**THE PROBLEM:**
Of the lines below, reproduce exactly those from the line containing "induction C1; simpl;" to the end, including both the first and the last.

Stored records
┄┄┄┄┄┄┄┄┄┄┄┄┄┄┄┄┄┄┄┄

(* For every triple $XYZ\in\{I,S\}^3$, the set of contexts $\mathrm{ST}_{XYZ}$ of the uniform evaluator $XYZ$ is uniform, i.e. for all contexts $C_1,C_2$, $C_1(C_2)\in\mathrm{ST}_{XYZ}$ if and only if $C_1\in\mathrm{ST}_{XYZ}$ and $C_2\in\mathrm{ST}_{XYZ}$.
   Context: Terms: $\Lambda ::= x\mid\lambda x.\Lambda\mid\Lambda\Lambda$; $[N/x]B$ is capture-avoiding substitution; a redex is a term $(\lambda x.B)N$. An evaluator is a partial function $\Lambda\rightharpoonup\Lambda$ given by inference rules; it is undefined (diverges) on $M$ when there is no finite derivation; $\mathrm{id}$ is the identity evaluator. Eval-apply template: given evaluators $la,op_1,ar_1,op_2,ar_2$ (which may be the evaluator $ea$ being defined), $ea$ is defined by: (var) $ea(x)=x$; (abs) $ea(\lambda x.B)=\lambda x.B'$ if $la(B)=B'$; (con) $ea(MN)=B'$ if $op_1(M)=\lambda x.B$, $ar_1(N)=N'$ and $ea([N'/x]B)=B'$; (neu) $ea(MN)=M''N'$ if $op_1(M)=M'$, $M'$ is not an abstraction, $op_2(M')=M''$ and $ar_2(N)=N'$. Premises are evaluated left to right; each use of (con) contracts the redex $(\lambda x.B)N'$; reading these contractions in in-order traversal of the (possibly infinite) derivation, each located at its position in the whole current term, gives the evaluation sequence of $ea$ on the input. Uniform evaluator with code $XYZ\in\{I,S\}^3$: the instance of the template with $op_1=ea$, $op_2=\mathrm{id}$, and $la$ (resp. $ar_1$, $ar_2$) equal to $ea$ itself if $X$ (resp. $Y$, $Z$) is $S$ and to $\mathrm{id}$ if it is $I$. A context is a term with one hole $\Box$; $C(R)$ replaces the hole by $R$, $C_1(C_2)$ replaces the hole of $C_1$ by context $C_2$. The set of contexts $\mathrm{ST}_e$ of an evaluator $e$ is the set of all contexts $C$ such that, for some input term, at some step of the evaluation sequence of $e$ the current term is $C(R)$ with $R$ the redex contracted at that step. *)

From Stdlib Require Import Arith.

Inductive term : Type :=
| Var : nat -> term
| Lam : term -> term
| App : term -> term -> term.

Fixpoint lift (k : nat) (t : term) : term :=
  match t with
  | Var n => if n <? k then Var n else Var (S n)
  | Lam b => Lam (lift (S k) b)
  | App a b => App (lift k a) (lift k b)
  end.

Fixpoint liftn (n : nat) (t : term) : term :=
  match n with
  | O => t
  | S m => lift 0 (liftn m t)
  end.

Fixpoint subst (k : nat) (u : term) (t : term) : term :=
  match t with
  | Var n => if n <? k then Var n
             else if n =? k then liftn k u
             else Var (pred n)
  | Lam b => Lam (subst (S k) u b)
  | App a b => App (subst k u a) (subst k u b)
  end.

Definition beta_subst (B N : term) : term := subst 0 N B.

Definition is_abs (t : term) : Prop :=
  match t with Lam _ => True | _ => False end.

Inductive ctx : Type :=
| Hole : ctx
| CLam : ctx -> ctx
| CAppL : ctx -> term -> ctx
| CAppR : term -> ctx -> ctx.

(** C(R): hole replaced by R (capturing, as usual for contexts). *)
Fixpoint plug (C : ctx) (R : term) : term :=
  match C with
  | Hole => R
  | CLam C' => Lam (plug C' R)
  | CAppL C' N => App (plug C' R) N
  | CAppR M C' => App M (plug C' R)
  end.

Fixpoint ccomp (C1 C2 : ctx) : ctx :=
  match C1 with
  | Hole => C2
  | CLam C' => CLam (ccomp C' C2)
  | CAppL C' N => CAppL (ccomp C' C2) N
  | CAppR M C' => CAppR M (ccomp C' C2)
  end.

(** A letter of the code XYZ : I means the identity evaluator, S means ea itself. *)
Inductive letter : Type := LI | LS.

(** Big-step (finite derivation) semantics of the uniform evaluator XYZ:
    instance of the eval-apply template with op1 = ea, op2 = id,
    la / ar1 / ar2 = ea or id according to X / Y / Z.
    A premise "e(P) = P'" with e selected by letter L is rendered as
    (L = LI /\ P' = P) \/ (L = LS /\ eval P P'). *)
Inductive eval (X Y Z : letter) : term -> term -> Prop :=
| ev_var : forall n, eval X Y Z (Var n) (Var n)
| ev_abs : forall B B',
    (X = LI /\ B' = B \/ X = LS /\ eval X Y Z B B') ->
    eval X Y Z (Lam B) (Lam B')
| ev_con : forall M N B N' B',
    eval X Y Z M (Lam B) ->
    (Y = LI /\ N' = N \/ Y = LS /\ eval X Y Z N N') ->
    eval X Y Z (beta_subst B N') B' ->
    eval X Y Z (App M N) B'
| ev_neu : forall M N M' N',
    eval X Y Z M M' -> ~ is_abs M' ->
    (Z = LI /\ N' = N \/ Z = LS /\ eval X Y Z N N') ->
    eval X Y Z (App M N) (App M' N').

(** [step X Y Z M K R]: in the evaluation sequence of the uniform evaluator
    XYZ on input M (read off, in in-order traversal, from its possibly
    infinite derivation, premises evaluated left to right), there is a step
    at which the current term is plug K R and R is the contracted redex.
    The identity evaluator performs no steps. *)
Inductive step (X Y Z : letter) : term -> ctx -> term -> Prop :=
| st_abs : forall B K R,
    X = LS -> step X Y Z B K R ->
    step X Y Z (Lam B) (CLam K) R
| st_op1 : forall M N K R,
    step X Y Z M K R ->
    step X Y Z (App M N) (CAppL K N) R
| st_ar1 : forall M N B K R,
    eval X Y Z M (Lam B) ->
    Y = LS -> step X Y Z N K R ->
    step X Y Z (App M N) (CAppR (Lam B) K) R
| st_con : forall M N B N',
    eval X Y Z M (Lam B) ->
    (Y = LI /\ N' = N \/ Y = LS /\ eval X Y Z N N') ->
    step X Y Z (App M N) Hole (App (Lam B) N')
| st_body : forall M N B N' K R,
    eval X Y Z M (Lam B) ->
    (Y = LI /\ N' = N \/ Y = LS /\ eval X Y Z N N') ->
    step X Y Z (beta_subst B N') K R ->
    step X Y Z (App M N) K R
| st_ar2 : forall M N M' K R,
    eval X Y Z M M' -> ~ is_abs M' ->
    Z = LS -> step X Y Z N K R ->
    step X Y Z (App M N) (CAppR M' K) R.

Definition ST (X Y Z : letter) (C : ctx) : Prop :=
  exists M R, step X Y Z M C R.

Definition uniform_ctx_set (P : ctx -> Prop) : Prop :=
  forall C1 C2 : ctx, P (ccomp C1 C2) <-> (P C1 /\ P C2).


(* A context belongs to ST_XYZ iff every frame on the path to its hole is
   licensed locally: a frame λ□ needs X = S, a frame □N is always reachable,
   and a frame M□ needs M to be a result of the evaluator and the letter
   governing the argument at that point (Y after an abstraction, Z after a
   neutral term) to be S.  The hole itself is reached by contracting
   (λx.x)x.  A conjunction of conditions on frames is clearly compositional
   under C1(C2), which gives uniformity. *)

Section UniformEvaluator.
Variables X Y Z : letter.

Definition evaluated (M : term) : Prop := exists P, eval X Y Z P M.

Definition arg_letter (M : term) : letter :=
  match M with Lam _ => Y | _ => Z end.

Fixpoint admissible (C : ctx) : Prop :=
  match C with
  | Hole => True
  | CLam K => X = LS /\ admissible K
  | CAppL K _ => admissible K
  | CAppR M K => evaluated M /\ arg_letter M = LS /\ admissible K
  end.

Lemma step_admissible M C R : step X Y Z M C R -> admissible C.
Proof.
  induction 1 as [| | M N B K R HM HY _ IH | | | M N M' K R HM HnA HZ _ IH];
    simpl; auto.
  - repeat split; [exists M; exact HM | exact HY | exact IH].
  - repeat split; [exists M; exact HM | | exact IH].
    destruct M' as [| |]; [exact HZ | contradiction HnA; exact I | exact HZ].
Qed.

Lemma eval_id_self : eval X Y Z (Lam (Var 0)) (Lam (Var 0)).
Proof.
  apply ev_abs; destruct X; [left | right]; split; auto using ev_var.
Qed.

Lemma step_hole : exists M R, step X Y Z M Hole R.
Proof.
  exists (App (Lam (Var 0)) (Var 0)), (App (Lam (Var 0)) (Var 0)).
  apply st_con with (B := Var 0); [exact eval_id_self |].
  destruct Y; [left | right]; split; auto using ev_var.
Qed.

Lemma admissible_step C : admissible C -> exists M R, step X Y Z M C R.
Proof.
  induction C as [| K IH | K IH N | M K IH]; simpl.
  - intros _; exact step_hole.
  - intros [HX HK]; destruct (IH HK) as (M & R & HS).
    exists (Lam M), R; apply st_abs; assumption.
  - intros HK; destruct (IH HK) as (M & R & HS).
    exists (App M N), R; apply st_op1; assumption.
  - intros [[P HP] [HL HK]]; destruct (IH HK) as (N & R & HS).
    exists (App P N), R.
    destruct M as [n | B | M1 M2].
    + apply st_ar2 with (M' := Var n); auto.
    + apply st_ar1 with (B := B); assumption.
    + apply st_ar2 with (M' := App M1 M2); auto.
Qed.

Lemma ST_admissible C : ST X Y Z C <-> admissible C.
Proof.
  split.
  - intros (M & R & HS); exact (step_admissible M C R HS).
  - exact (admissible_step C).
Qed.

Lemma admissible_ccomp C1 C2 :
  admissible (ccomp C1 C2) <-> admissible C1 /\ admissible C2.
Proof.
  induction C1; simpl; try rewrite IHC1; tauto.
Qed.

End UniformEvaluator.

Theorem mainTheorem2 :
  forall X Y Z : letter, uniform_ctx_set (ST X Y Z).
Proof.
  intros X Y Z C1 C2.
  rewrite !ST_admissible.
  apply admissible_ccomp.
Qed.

┄┄┄┄┄┄┄┄┄┄┄┄┄┄┄┄┄┄┄┄

**REPLY TO THE TASK:**
  induction C1; simpl; try rewrite IHC1; tauto.
Qed.

End UniformEvaluator.

Theorem mainTheorem2 :
  forall X Y Z : letter, uniform_ctx_set (ST X Y Z).
Proof.
  intros X Y Z C1 C2.
  rewrite !ST_admissible.
  apply admissible_ccomp.
Qed.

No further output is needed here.